Of course, he continues to be one of the best in the game. Even though he hasn’t qualified for the NFR since 2011, he has been among the top 30 bull riders in the world each of the past three seasons. Still plenty of things have happened since he last rode in Sin City.

“Jerika and I have had two kids since that NFR,” he said, referring to his wife of five years and their children: daughter River, 3, and son Ledgen, 1. “They’ve played a big factor in leaving the house.”

Even that love affair with the game doesn’t take away from the occasional heartache of being away from the ones he loves.

“Fortunately I can FaceTime them whenever I want,” Silcox said. “It’s definitely changed the game, but you’ve got to stay with it and be strong.

“Riding bulls is basically how I make money for my family. If I’m not riding very good or going to rodeos at all, it’s pretty tough to keep the family fed. It’s tough leaving the house, but once I’m out and doing my thing, it makes it a lot easier. Winning definitely helps and keeps everybody happy, especially me.”

There are no guarantees in rodeo. Not only must a cowboy pay a fee in order to compete, he must then beat most of the field in order to get paid. Silcox found himself at the pay window often this season. He won at least a share of the title at eight rodeos, so most of his earnings came from finishing just outside of the top spot.
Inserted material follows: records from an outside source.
(* Let $(X_n)_{n\ge0}$ be an ergodic discrete-time Markov chain on a finite state space $\mathcal S$ with transition probabilities $p_{xy}$ and stationary distribution $\pi$, and let $0\in\mathcal S$ be one of its states. Suppose there is a non-negative function $f:\mathcal S\to\mathbb R$ and constants $\varepsilon>0$, $c_0>0$, $C>0$ such that \[ f(0)=0,\qquad \max_{x\in\mathcal S:\ p_{0x}>0}f(x)=c_0,\qquad |f(X_{n+1})-f(X_n)|\le C, \] \[ \mathbb E\big(f(X_{n+1})-f(X_n)\mid X_n=x\big)<-\varepsilon\quad\text{for all }x\ne0. \] Then there are $c_1,c_2>0$ depending only on $c_0,C,\varepsilon$ such that for all $k>0$, \[ \pi(A_k)\le c_1e^{-c_2k},\qquad\text{where }A_k=\{x\in\mathcal S: f(x)>k\}. \] *)

From HB Require Import structures.
From mathcomp Require Import all_boot all_order all_algebra.
From mathcomp Require Import all_classical all_reals all_analysis.
Set Implicit Arguments. Unset Strict Implicit. Unset Printing Implicit Defensive.
Import Order.TTheory GRing.Theory Num.Theory.
Local Open Scope ring_scope.

Section Markov.
Variables (R : realType) (T : finType).

Definition stochastic (P : T -> T -> R) : Prop :=
  (forall x y, 0 <= P x y) /\ (forall x, \sum_(y : T) P x y = 1).

Fixpoint nstep (P : T -> T -> R) (n : nat) (x y : T) : R :=
  match n with
  | 0%N => if x == y then 1 else 0
  | n'.+1 => \sum_(z : T) nstep P n' x z * P z y
  end.

Definition irreducible (P : T -> T -> R) : Prop :=
  forall x y, exists n : nat, 0 < nstep P n x y.

(* every state has period 1: the gcd of {n >= 1 : p^{(n)}_{xx} > 0} is 1 *)
Definition aperiodic (P : T -> T -> R) : Prop :=
  forall x (d : nat), (forall n : nat, (0 < n)%N -> 0 < nstep P n x x -> (d %| n)%N) -> d = 1%N.

Definition ergodic (P : T -> T -> R) : Prop :=
  stochastic P /\ irreducible P /\ aperiodic P.

Definition stationary (P : T -> T -> R) (pi : T -> R) : Prop :=
  (forall x, 0 <= pi x) /\ (\sum_(x : T) pi x = 1) /\
  (forall y, pi y = \sum_(x : T) pi x * P x y).

Definition drift (P : T -> T -> R) (f : T -> R) (x : T) : R :=
  \sum_(y : T) P x y * (f y - f x).

Definition piA (pi : T -> R) (f : T -> R) (k : R) : R :=
  \sum_(x : T | k < f x) pi x.

End Markov.

From HB Require Import structures.
From mathcomp Require Import all_boot all_order all_algebra.
From mathcomp Require Import all_classical all_reals all_analysis.
From mathcomp Require Import ring lra.
Set Implicit Arguments. Unset Strict Implicit. Unset Printing Implicit Defensive.
Import Order.TTheory GRing.Theory Num.Theory.
Local Open Scope ring_scope.

(* With r = eps/(eps+C) and theta = ln(1+r)/C, the Lyapunov function
   V = exp(theta f) satisfies P V <= (1 - r^2/2) V off s0: since every step of
   theta f has size at most a = theta C, exp lies below its chord on [-a, a],
   and e^a = 1 + r makes the chord estimate of the drift collapse to 1 - r^2/2.
   At s0 one only has P V <= exp(theta c0).  Since pi V = pi (P V), this bounds
   pi V by 1 + 2 exp(theta c0) / r^2, and Markov's inequality gives
   pi(f > k) <= exp(-theta k) pi V. *)

Section ExpChord.
Local Open Scope convex_scope.

Lemma expR_le_chord (R : realType) (a u : R) : 0 < a -> `|u| <= a ->
  expR u <= (expR a + expR (- a)) / 2 + u * ((expR a - expR (- a)) / (2 * a)).
Proof.
move=> a_gt0; rewrite ler_norml => /andP[ua au].
have a_neq0 : a != 0 by rewrite gt_eqF.
have t_ge0 : 0 <= (a - u) / (2 * a) by apply: divr_ge0; lra.
have t_le1 : (a - u) / (2 * a) <= 1 by rewrite ler_pdivrMr; lra.
have := convex_expR (Itv01 t_ge0 t_le1) (- a) a; rewrite !convRE /=.
have -> : (a - u) / (2 * a) * - a + (1 - (a - u) / (2 * a)) * a = u.
  by field; rewrite a_neq0.
move/le_trans; apply; rewrite /unstable.onem le_eqVlt; apply/orP; left; apply/eqP.
by field; rewrite a_neq0.
Qed.

End ExpChord.

Lemma expR_drift_le (R : realType) (T : finType) (P : T -> T -> R) (f : T -> R)
    (x : T) (C theta a : R) :
  0 < a -> 0 <= theta -> theta * C <= a ->
  (forall y, 0 <= P x y) -> \sum_y P x y = 1 ->
  (forall y, 0 < P x y -> `|f y - f x| <= C) ->
  \sum_y P x y * expR (theta * f y) <=
  expR (theta * f x) * ((expR a + expR (- a)) / 2 +
     theta * ((expR a - expR (- a)) / (2 * a)) * drift P f x).
Proof.
move=> a_gt0 theta_ge0 thetaC P_ge0 P_sum f_C.
set mid := (expR a + expR (- a)) / 2.
set slope := theta * ((expR a - expR (- a)) / (2 * a)).
have -> : mid + slope * drift P f x = \sum_y P x y * (mid + slope * (f y - f x)).
  rewrite /drift [RHS](eq_bigr (fun y => mid * P x y + slope * (P x y * (f y - f x)))).
    by rewrite big_split -!mulr_sumr P_sum mulr1.
  by move=> y _; ring.
rewrite mulr_sumr; apply: ler_sum => y _.
have [->|Pxy_neq0] := eqVneq (P x y) 0; first by rewrite !(mul0r, mulr0, addr0).
have Pxy_gt0 : 0 < P x y by rewrite lt_def Pxy_neq0 P_ge0.
have step_le : `|theta * (f y - f x)| <= a.
  rewrite normrM ger0_norm //; apply: le_trans thetaC.
  by apply: ler_wpM2l => //; exact: f_C.
have -> : theta * f y = theta * f x + theta * (f y - f x) by ring.
rewrite expRD mulrCA; apply: ler_wpM2l; first exact: expR_ge0.
apply: ler_wpM2l; first exact: P_ge0.
by rewrite /slope mulrAC; exact: expR_le_chord.
Qed.

Lemma chord_factor_le (R : realType) (r a C d : R) :
  0 < r -> 0 < a -> 0 < C -> expR a = 1 + r -> d <= - (r * C) ->
  (expR a + expR (- a)) / 2 + a / C * ((expR a - expR (- a)) / (2 * a)) * d
    <= 1 - r ^+ 2 / 2.
Proof.
move=> r_gt0 a_gt0 C_gt0 ea d_le.
have r1_neq0 : 1 + r != 0 by rewrite gt_eqF //; lra.
have slope_ge0 : 0 <= a / C * ((expR a - expR (- a)) / (2 * a)).
  have ema_le : expR (- a) <= expR a by rewrite ler_expR; lra.
  have [a_ge0 C_ge0] := (ltW a_gt0, ltW C_gt0).
  by rewrite mulr_ge0 ?divr_ge0 ?subr_ge0 ?mulr_ge0.
apply: le_trans (lerD (lexx _) (ler_wpM2l slope_ge0 d_le)) _.
rewrite expRN ea le_eqVlt; apply/orP; left; apply/eqP.
by field; rewrite r1_neq0 !gt_eqF.
Qed.

Section Stationary.
Variables (R : realType) (T : finType) (P : T -> T -> R) (pi : T -> R).
Hypothesis pi_stat : stationary P pi.

Lemma stationary_mean (V : T -> R) :
  \sum_x pi x * V x = \sum_x pi x * \sum_y P x y * V y.
Proof.
have [_ [_ pi_inv]] := pi_stat.
rewrite (eq_bigr (fun y => \sum_x pi x * P x y * V y)); last first.
  by move=> y _; rewrite {1}pi_inv mulr_suml.
rewrite exchange_big /=; apply: eq_bigr => x _.
by rewrite mulr_sumr; apply: eq_bigr => y _; rewrite mulrA.
Qed.

Lemma stationary_lyapunov_le (V : T -> R) (s0 : T) (rho b : R) :
  rho < 1 -> 0 <= b -> (forall x, 0 <= V x) ->
  (forall x, x != s0 -> \sum_y P x y * V y <= rho * V x) ->
  \sum_y P s0 y * V y <= b ->
  \sum_x pi x * V x <= V s0 + b / (1 - rho).
Proof.
move=> rho_lt1 b_ge0 V_ge0 V_contract V_s0.
have [pi_ge0 [pi_sum _]] := pi_stat.
set S := \sum_(x | x != s0) pi x * V x.
have mean_split : \sum_x pi x * V x = pi s0 * V s0 + S by rewrite (bigD1 s0).
have pi_s0_le1 : pi s0 <= 1.
  by rewrite -pi_sum (bigD1 s0) //= lerDl sumr_ge0.
have mean_le : \sum_x pi x * V x <= pi s0 * b + rho * S.
  rewrite stationary_mean (bigD1 s0) //= /S mulr_sumr.
  apply: lerD; first exact: ler_wpM2l.
  by apply: ler_sum => x xs0; rewrite mulrCA; apply: ler_wpM2l; last exact: V_contract.
have S_le : S <= b / (1 - rho).
  have := pi_ge0 s0; have := V_ge0 s0.
  rewrite ler_pdivlMr ?subr_gt0 //; nra.
by rewrite mean_split lerD // ler_piMl.
Qed.

End Stationary.

Lemma markov_expR (R : realType) (T : finType) (w f : T -> R) (theta k : R) :
  (forall x, 0 <= w x) -> 0 <= theta ->
  \sum_(x | k < f x) w x <= expR (- (theta * k)) * \sum_x w x * expR (theta * f x).
Proof.
move=> w_ge0 theta_ge0.
rewrite mulr_sumr [leRHS](bigID (fun x => k < f x)) /= -[leLHS]addr0 lerD //.
  apply: ler_sum => x k_lt_fx; rewrite mulrCA -expRD -{1}[w x]mulr1.
  rewrite ler_wpM2l // -expR0 ler_expR addrC subr_ge0 ler_wpM2l // ltW //.
by apply: sumr_ge0 => x _; rewrite !mulr_ge0 // expR_ge0.
Qed.

Theorem lemma2 (R : realType) (c0 C eps : R) :
  0 < eps -> 0 < c0 -> 0 < C ->
  exists c1 c2 : R, 0 < c1 /\ 0 < c2 /\
    forall (T : finType) (P : T -> T -> R) (pi : T -> R) (f : T -> R) (s0 : T),
      ergodic P -> stationary P pi ->
      (forall x, 0 <= f x) ->
      f s0 = 0 ->
      (forall x, 0 < P s0 x -> f x <= c0) ->
      (exists x, 0 < P s0 x /\ f x = c0) ->
      (forall x y, 0 < P x y -> `|f y - f x| <= C) ->
      (forall x, x != s0 -> drift P f x < - eps) ->
      forall k : R, 0 < k -> piA pi f k <= c1 * expR (- (c2 * k)).
Proof.
move=> eps_gt0 c0_gt0 C_gt0.
set r := eps / (eps + C).
have r_gt0 : 0 < r by rewrite divr_gt0 // addr_gt0.
have rC_le : r * C <= eps by rewrite /r mulrAC ler_pdivrMr ?addr_gt0 //; nra.
set a := ln (1 + r).
have a_gt0 : 0 < a by apply: ln_gt0; lra.
have ea : expR a = 1 + r by rewrite lnK // posrE; lra.
set theta := a / C.
have theta_gt0 : 0 < theta by rewrite divr_gt0.
have thetaC : theta * C <= a by rewrite /theta divfK ?gt_eqF.
set b := expR (theta * c0).
exists (1 + b / (r ^+ 2 / 2)), theta; split; last split => //.
  by rewrite addr_gt0 // divr_gt0 ?expR_gt0 // divr_gt0 // exprn_gt0.
move=> T P pi f s0 [[P_ge0 P_sum] _] pi_stat _ f_s0 f_c0 _ f_C f_drift k k_gt0.
have V_contract x : x != s0 ->
    \sum_y P x y * expR (theta * f y) <= (1 - r ^+ 2 / 2) * expR (theta * f x).
  move=> x_neq_s0; rewrite mulrC.
  apply: le_trans (expR_drift_le a_gt0 (ltW theta_gt0) thetaC (P_ge0 x) (P_sum x) (f_C x)) _.
  apply: ler_wpM2l; first exact: expR_ge0.
  apply: chord_factor_le => //; apply: le_trans (ltW (f_drift x x_neq_s0)) _.
  by rewrite lerN2.
have V_s0 : \sum_y P s0 y * expR (theta * f y) <= b.
  rewrite -[b]mul1r -(P_sum s0) mulr_suml; apply: ler_sum => y _.
  have [->|Py_neq0] := eqVneq (P s0 y) 0; first by rewrite !mul0r.
  rewrite ler_wpM2l // ler_expR; apply: ler_wpM2l; first exact: ltW.
  by apply: f_c0; rewrite lt_def Py_neq0 P_ge0.
have pi_V : \sum_x pi x * expR (theta * f x) <= 1 + b / (r ^+ 2 / 2).
  have := stationary_lyapunov_le pi_stat _ (expR_ge0 _) (fun x => expR_ge0 _) V_contract V_s0.
  by rewrite f_s0 mulr0 expR0 subKr; apply; rewrite gtrBl divr_gt0 // exprn_gt0.
rewrite /piA; apply: le_trans (markov_expR f k _ (ltW theta_gt0)) _.
  by case: pi_stat.
by rewrite [leRHS]mulrC ler_wpM2l ?expR_ge0.
Qed.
“I think the success to the year was a combination of confidence and everything else mixed in,” he said. “At the bigger rodeos, I drew some pretty good bulls to ride and ended up winning a good amount of money at those rodeos.

“When you’re feeling good and riding good, you seem to draw good at the same time. When you have the right attitude, it seems like the possibilities are endless and anything can happen.”

He expects to keep that attitude when he arrives in Las Vegas for the biggest purse in the sport, a record $8.8 million. Go-round winners will collect more than $26,000 each of the 10 nights, and the contestant with the best 10-round cumulative time or score at the end of the championship will pocket an additional $67,000 for winning the NFR average.

“The money in rodeo has risen a tremendous amount since I first started,” Silcox said. “This is where rodeo needs to be. People see how much we can win in a year, but nobody sees how much we spend.”

That’s true. Unlike most professional athletes, whose teams cover all expenses, cowboys and cowgirls pay their own way down the rodeo trail – food, fuel, lodging. It adds up quickly.

“I’m sure happy to make it to the NFR this year where the money has changed,” he said. “I was thinking about slowing down after next year, but this money at the NFR might keep me motivated a little more.”

Rodeo is all Silcox has known. His father, Brad, rode bulls, and his older brother, Shawn, rode bulls and bareback horses. Wesley Silcox has played the game since he was a young man growing up in Utah.

“I rodeo a few calves and steers when I was pretty young but didn’t like it much,” he said. “I liked roping a lot better. I was almost 17 when I got on my first bull. I hit the ground pretty hard, but I won some money on the next one I got on. I thought it was a pretty easy way to make money. I didn’t have to haul my horse around; I could just take my gear bag and go rodeo.”

Nearly everything he knows about riding bulls he gained from his father and brother, but he also counts on his mom, Julie, and sisters, Jennifer and Ashlee, for support. Combined with his wife and children, he has a pretty enriched life on and off the rodeo trail.

“Your family is the thing that holds you together,” Silcox said. “Everybody’s very supportive of what I do. They know what it takes for me to get down the road. It definitely helps.”

Now he’ll lean on them – and his past NFR experiences – as he pursues a second world championship gold buckle.